== Segment start ==

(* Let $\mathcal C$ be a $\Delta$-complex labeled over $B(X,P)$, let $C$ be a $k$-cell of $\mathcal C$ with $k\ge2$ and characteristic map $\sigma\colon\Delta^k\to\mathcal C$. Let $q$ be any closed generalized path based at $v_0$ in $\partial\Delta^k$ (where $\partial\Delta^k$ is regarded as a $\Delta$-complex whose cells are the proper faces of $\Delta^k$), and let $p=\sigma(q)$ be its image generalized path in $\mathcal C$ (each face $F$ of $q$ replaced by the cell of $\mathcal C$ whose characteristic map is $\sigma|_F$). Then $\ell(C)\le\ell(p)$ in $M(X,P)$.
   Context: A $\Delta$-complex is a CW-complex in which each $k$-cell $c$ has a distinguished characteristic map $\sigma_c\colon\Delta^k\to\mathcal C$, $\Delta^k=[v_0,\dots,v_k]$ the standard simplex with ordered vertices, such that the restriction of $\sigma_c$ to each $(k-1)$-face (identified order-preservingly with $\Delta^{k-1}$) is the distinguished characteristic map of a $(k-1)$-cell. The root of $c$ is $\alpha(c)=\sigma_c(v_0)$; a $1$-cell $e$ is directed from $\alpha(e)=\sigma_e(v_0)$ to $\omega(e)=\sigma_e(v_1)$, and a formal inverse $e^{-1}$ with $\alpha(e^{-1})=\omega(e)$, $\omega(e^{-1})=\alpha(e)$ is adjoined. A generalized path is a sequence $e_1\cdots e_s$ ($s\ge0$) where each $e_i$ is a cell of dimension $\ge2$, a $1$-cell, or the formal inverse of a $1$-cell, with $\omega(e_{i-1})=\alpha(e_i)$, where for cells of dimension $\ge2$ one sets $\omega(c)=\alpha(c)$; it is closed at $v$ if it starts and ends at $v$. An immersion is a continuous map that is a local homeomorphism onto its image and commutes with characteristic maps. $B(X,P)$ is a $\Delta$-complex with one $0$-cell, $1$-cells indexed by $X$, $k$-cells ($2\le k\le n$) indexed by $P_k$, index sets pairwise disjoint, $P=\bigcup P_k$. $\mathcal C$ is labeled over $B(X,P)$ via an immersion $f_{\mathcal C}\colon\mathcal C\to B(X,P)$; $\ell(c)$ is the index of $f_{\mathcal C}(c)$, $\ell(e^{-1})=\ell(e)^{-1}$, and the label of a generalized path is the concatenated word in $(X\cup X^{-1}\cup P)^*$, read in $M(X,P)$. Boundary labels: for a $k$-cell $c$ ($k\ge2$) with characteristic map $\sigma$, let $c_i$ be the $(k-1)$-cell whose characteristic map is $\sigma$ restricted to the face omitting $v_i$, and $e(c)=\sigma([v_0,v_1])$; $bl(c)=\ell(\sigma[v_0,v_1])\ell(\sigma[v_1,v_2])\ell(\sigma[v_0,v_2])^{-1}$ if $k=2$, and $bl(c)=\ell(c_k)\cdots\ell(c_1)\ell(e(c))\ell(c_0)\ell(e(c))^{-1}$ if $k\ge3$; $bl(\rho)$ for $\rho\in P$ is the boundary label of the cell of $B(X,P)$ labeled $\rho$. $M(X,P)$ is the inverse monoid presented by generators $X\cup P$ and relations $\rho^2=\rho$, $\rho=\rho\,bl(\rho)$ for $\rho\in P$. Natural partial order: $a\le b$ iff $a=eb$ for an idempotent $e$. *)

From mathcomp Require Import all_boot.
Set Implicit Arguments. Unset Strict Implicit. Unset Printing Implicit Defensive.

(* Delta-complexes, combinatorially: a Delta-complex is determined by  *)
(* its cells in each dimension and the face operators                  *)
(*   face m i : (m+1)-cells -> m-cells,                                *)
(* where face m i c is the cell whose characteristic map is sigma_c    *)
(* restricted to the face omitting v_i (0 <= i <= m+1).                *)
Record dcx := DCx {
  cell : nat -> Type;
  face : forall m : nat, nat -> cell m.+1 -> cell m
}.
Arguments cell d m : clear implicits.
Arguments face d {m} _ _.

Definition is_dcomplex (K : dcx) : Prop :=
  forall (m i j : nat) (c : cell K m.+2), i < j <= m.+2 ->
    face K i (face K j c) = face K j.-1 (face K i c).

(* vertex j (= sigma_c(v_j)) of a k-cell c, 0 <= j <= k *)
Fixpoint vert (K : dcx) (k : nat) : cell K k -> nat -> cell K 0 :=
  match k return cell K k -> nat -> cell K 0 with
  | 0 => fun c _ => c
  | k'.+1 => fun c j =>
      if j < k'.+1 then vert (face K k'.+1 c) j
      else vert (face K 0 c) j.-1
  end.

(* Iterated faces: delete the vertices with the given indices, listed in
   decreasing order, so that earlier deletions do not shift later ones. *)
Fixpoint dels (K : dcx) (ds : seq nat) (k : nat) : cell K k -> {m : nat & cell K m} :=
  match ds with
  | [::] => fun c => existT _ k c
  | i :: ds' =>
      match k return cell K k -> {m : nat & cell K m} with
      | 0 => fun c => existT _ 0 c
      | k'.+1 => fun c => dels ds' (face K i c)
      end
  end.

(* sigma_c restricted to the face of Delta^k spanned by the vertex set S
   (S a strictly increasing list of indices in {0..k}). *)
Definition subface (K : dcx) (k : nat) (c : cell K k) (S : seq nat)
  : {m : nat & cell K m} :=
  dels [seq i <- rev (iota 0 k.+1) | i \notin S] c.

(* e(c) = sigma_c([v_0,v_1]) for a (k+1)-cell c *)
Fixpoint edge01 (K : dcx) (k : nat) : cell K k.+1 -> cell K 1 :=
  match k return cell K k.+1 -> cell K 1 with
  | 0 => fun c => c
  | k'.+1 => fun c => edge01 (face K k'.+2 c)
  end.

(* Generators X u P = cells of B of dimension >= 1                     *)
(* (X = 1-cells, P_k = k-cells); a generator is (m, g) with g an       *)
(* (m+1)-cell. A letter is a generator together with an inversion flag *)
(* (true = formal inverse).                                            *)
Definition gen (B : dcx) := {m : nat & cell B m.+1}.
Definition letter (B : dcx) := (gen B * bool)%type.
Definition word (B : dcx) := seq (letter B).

== Segment end ==

• Your assignment:
Bring together every line in the entries that holds the string "return".

• Task solution:
  match k return cell K k -> nat -> cell K 0 with
      match k return cell K k -> {m : nat & cell K m} with
  match k return cell K k.+1 -> cell K 1 with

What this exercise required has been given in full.